__Problem description__. Copy all lines in the data that contain the string "Arguments".

__Given data__.
-=-=-
(* Let $\alpha\in(\frac12,1)$ and run Algorithm 1 on vectors $g_t$ with $\|g_t\|\le G$ and learning rates $$\eta_t=\frac{G^{2\alpha-1}}{\big(2G^2+\sum_{i=1}^{t-1}\|g_i\|^2\big)^\alpha}.$$ Then $S_T\le\sqrt{4+\frac1{2\alpha-1}}$ for every $T\ge0$; in particular $S_\infty=\lim_{T\to\infty}S_T\le\sqrt{4+\frac1{2\alpha-1}}$.
   Context: $\|\cdot\|$ is the Euclidean norm, $G>0$. In Algorithm 1, $S_0^2=4$ and for $t\ge1$, with $\ell_t=\eta_tg_t$, $S_t^2=S_{t-1}^2+\|\ell_t\|^2$ ($S_t>0$). *)

From HB Require Import structures.
From mathcomp Require Import all_boot all_order all_algebra.
From mathcomp Require Import all_classical all_reals all_analysis.
Set Implicit Arguments. Unset Strict Implicit. Unset Printing Implicit Defensive.
Import Order.TTheory GRing.Theory Num.Theory.
Local Open Scope ring_scope.

Definition enorm (R : realType) (d : nat) (v : 'rV[R]_d) : R :=
  Num.sqrt (\sum_(i < d) (v ord0 i) ^+ 2).

Definition eta (R : realType) (d : nat) (G alpha : R) (g : nat -> 'rV[R]_d)
  (t : nat) : R :=
  G `^ (2 * alpha - 1) /
  (2 * G ^+ 2 + \sum_(1 <= i < t) enorm (g i) ^+ 2) `^ alpha.

(* S_T with S_0^2 = 4, S_t^2 = S_{t-1}^2 + ||eta_t g_t||^2, S_t > 0 *)
Definition S (R : realType) (d : nat) (G alpha : R) (g : nat -> 'rV[R]_d)
  (T : nat) : R :=
  Num.sqrt (4 + \sum_(1 <= t < T.+1) enorm (eta G alpha g t *: g t) ^+ 2).

From Pilot Require Import Defs.
From HB Require Import structures.
From mathcomp Require Import all_boot all_order all_algebra.
From mathcomp Require Import all_classical all_reals all_analysis.
From mathcomp Require Import ring lra.
Import Order.TTheory GRing.Theory Num.Theory.
Import numFieldNormedType.Exports.
Local Open Scope classical_set_scope.
Local Open Scope ring_scope.

(* Write p = 2 alpha - 1 > 0, a_t = ||g_t||^2 <= G^2 and
   Q_t = G^2 + a_1 + ... + a_{t-1}, so that eta_t = G^p / (Q_t + G^2)^alpha
   and ||eta_t g_t||^2 = G^(2p) a_t / (Q_t + G^2)^(p+1).
   1. Convexity of x |-> x^(-p) gives the tangent bound
        p (v - u) / v^(p+1) <= u^(-p) - v^(-p)      (0 < u <= v).
   2. With u = Q_t, v = Q_{t+1} = Q_t + a_t <= Q_t + G^2 this yields
        a_t / (Q_t + G^2)^(p+1) <= (Q_t^(-p) - Q_{t+1}^(-p)) / p,
      and the sum over t telescopes to at most Q_1^(-p) / p = G^(-2p) / p.
      This is done for an arbitrary sequence 0 <= a_t <= B.
   3. Hence sum_t ||eta_t g_t||^2 <= 1/p, i.e. S_T^2 <= 4 + 1/p for all T.
   4. (S_T) is nondecreasing and bounded, so it converges, and its limit
      satisfies the same bound. *)

Lemma powR_neg_tangent {R : realType} {p u v : R} : 0 < p -> 0 < u -> u <= v ->
  p * (v - u) / v `^ (p + 1) <= u `^ (- p) - v `^ (- p).
Proof.
move=> p_gt0 u_gt0 le_uv.
have v_gt0 : 0 < v by apply: lt_le_trans le_uv.
rewrite powRD ?(gt_eqF v_gt0) ?implybT // powRr1; last exact: ltW.
rewrite /powR (gt_eqF u_gt0) (gt_eqF v_gt0).
set E := expR (- p * ln v); set L := ln v - ln u.
have E_gt0 : 0 < E by apply: expR_gt0.
have vpE : expR (p * ln v) = E^-1 by rewrite /E mulNr expRN invrK.
have upE : expR (- p * ln u) = E * expR (p * L).
  by rewrite /E -expRD; congr expR; rewrite /L; ring.
(* ln (v / u) >= 1 - u / v, from ln (1 + x) <= x at x = u / v - 1. *)
have lnL : 1 - u / v <= L.
  have := @le_ln1Dx R (u / v - 1).
  rewrite (addrC 1) subrK ln_div ?posrE //.
  have -> : -1 < u / v - 1 by have := divr_gt0 u_gt0 v_gt0; lra.
  by move=> /(_ isT); rewrite /L; lra.
(* 1 + x <= exp x at x = p ln (v / u). *)
have expL : p * (1 - u / v) <= expR (p * L) - 1.
  have := expR_ge1Dx (p * L).
  have : p * (1 - u / v) <= p * L by rewrite ler_pM2l.
  lra.
rewrite upE vpE.
have -> : p * (v - u) / (E^-1 * v) = E * (p * (1 - u / v)).
  by field; rewrite ?gt_eqF ?invr_gt0.
have -> : E * expR (p * L) - E = E * (expR (p * L) - 1) by ring.
by rewrite ler_pM2l.
Qed.

Lemma enorm_ge0 (R : realType) d (v : 'rV[R]_d) : 0 <= enorm v.
Proof. exact: sqrtr_ge0. Qed.

Lemma enorm_sq (R : realType) d (v : 'rV[R]_d) :
  enorm v ^+ 2 = \sum_(i < d) (v ord0 i) ^+ 2.
Proof. by rewrite /enorm sqr_sqrtr // sumr_ge0 // => i _; exact: sqr_ge0. Qed.

Lemma enormZ_sq (R : realType) d (c : R) (v : 'rV[R]_d) :
  enorm (c *: v) ^+ 2 = c ^+ 2 * enorm v ^+ 2.
Proof.
by rewrite !enorm_sq mulr_sumr; apply: eq_bigr => i _; rewrite mxE exprMn.
Qed.

Lemma powR_sqr (R : realType) (x y : R) : 0 <= x -> (x `^ y) ^+ 2 = x `^ (y * 2).
Proof. by move=> x_ge0; rewrite powRrM -powR_mulrn ?powR_ge0. Qed.

Section AdaptiveSums.
Context {R : realType} {p B : R} {a : nat -> R}.
Hypotheses (p_gt0 : 0 < p) (B_gt0 : 0 < B).
Hypotheses (a_ge0 : forall t, 0 <= a t) (a_leB : forall t, (1 <= t)%N -> a t <= B).

Definition cumsum (t : nat) : R := B + \sum_(1 <= i < t) a i.

Lemma cumsum_gt0 t : 0 < cumsum t.
Proof. by rewrite /cumsum ltr_pwDl // sumr_ge0. Qed.

Lemma cumsumS t : (1 <= t)%N -> cumsum t.+1 = cumsum t + a t.
Proof. by move=> t_ge1; rewrite /cumsum big_nat_recr //= addrA. Qed.

Lemma cumsum1 : cumsum 1 = B.
Proof. by rewrite /cumsum big_geq // addr0. Qed.

Lemma adaptive_step t : (1 <= t)%N ->
  a t / (cumsum t + B) `^ (p + 1) <= (cumsum t `^ (- p) - cumsum t.+1 `^ (- p)) / p.
Proof.
move=> t_ge1; have Q_gt0 := cumsum_gt0 t.
have QS_gt0 := cumsum_gt0 t.+1.
have le_QQS : cumsum t <= cumsum t.+1 by rewrite cumsumS // lerDl.
have le_QSB : cumsum t.+1 <= cumsum t + B by rewrite cumsumS // lerD2l a_leB.
have tangent := powR_neg_tangent p_gt0 Q_gt0 le_QQS.
rewrite cumsumS // addrC addKr -cumsumS // in tangent.
have QB_gt0 : 0 < cumsum t + B by rewrite addr_gt0.
apply: le_trans (_ : a t / cumsum t.+1 `^ (p + 1) <= _).
  rewrite ler_wpM2l // lef_pV2 ?posrE ?powR_gt0 //.
  apply: ge0_ler_powR le_QSB; rewrite ?nnegrE; apply: ltW => //.
  exact: addr_gt0 p_gt0 ltr01.
by rewrite ler_pdivlMr // mulrC mulrA.
Qed.

(* Summing the steps telescopes: the total is at most B^(-p) / p,
   independently of T. *)
Lemma adaptive_sum_bound T :
  \sum_(1 <= t < T.+1) a t / (cumsum t + B) `^ (p + 1) <= B `^ (- p) / p.
Proof.
apply: le_trans (_ : \sum_(1 <= t < T.+1)
    (cumsum t `^ (- p) - cumsum t.+1 `^ (- p)) / p <= _).
  by apply: ler_sum_nat => t /andP[t_ge1 _]; exact: adaptive_step.
rewrite -mulr_suml (telescope_sumr_eq (fun t => - cumsum t `^ (- p))) //; last first.
  by move=> t _; rewrite opprK addrC.
by rewrite cumsum1 ler_pM2r ?invr_gt0 // opprK addrC lerBlDr lerDl powR_ge0.
Qed.

End AdaptiveSums.

Arguments cumsum {R} B a t.

Section AdaGradSteps.
Context {R : realType} {d : nat} {G alpha : R} {g : nat -> 'rV[R]_d}.
Hypotheses (G_gt0 : 0 < G) (alpha_gt : 2^-1 < alpha).
Hypothesis g_leG : forall t : nat, (1 <= t)%N -> enorm (g t) <= G.

Let p := 2 * alpha - 1.
Let a (t : nat) : R := enorm (g t) ^+ 2.

Lemma p_gt0 : 0 < p.
Proof. by have := alpha_gt; rewrite /p; lra. Qed.

Lemma step_sq_eq t : enorm (Defs.eta G alpha g t *: g t) ^+ 2 =
  G `^ (p * 2) * (a t / (cumsum (G ^+ 2) a t + G ^+ 2) `^ (p + 1)).
Proof.
have Q_ge0 : 0 <= cumsum (G ^+ 2) a t + G ^+ 2.
  by rewrite /cumsum !addr_ge0 ?sqr_ge0 ?sumr_ge0 // => i _; exact: sqr_ge0.
rewrite /Defs.eta (_ : 2 * G ^+ 2 + _ = cumsum (G ^+ 2) a t + G ^+ 2); last first.
  by rewrite /cumsum /a; ring.
have G_ge0 : 0 <= G by exact: ltW.
rewrite enormZ_sq expr_div_n !powR_sqr ?powR_ge0 //.
by rewrite -/p (_ : alpha * 2 = p + 1) /a; [ring | rewrite /p; ring].
Qed.

Lemma sum_step_sq_bound T :
  \sum_(1 <= t < T.+1) enorm (Defs.eta G alpha g t *: g t) ^+ 2 <= p^-1.
Proof.
have a_leB t : (1 <= t)%N -> a t <= G ^+ 2.
  by move=> /g_leG; rewrite /a ler_sqr ?nnegrE ?enorm_ge0 ?(ltW G_gt0).
under eq_bigr do rewrite step_sq_eq.
rewrite -mulr_sumr.
apply: le_trans (ler_wpM2l (powR_ge0 _ _)
  (adaptive_sum_bound p_gt0 (exprn_gt0 2 G_gt0) (fun t => sqr_ge0 _) a_leB T)) _.
rewrite -powR_mulrn; last exact: ltW.
rewrite -powRrM mulrA -powRD; last by rewrite (gt_eqF G_gt0) implybT.
by rewrite (_ : p * 2 + 2 * - p = 0) ?powRr0 ?mul1r //; ring.
Qed.

Lemma S_bound T : S G alpha g T <= Num.sqrt (4 + p^-1).
Proof.
rewrite /S ler_sqrt; last by rewrite addr_ge0 // invr_ge0 ltW // p_gt0.
by rewrite lerD2l sum_step_sq_bound.
Qed.

End AdaGradSteps.

Lemma S_nondecreasing (R : realType) d (G alpha : R) (g : nat -> 'rV[R]_d) n :
  S G alpha g n <= S G alpha g n.+1.
Proof.
rewrite /S ler_sqrt; last by rewrite addr_ge0 // sumr_ge0 // => t _; exact: sqr_ge0.
by rewrite lerD2l [leRHS]big_nat_recr //= lerDl sqr_ge0.
Qed.

Lemma nondecreasing_bounded_lim (R : realType) (u : R ^nat) (M : R) :
  (forall n, u n <= u n.+1) -> (forall n, u n <= M) ->
  cvg (u @ \oo) /\ lim (u @ \oo) <= M.
Proof.
move=> u_mono u_leM.
have u_cvg : cvg (u @ \oo).
  apply: nondecreasing_is_cvgn; first exact/nondecreasing_seqP.
  by exists M => _ [n _ <-]; exact: u_leM.
by split=> //; apply: limr_le => //; apply: filterE.
Qed.

Theorem lemma22 (R : realType) (d : nat) (G alpha : R) (g : nat -> 'rV[R]_d)
  (hG : 0 < G) (halpha : 2^-1 < alpha < 1)
  (hg : forall t : nat, (1 <= t)%N -> enorm (g t) <= G) :
  (forall T : nat, S G alpha g T <= Num.sqrt (4 + (2 * alpha - 1)^-1)) /\
  (cvg (S G alpha g @ \oo) /\
   lim (S G alpha g @ \oo) <= Num.sqrt (4 + (2 * alpha - 1)^-1)).
Proof.
have [alpha_gt _] := andP halpha.
have bound := S_bound hG alpha_gt hg.
split=> //.
exact: nondecreasing_bounded_lim (@S_nondecreasing R d G alpha g) bound.
Qed.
-=-=-
__Task answer__.
Set Implicit Arguments. Unset Strict Implicit. Unset Printing Implicit Defensive.
Arguments cumsum {R} B a t.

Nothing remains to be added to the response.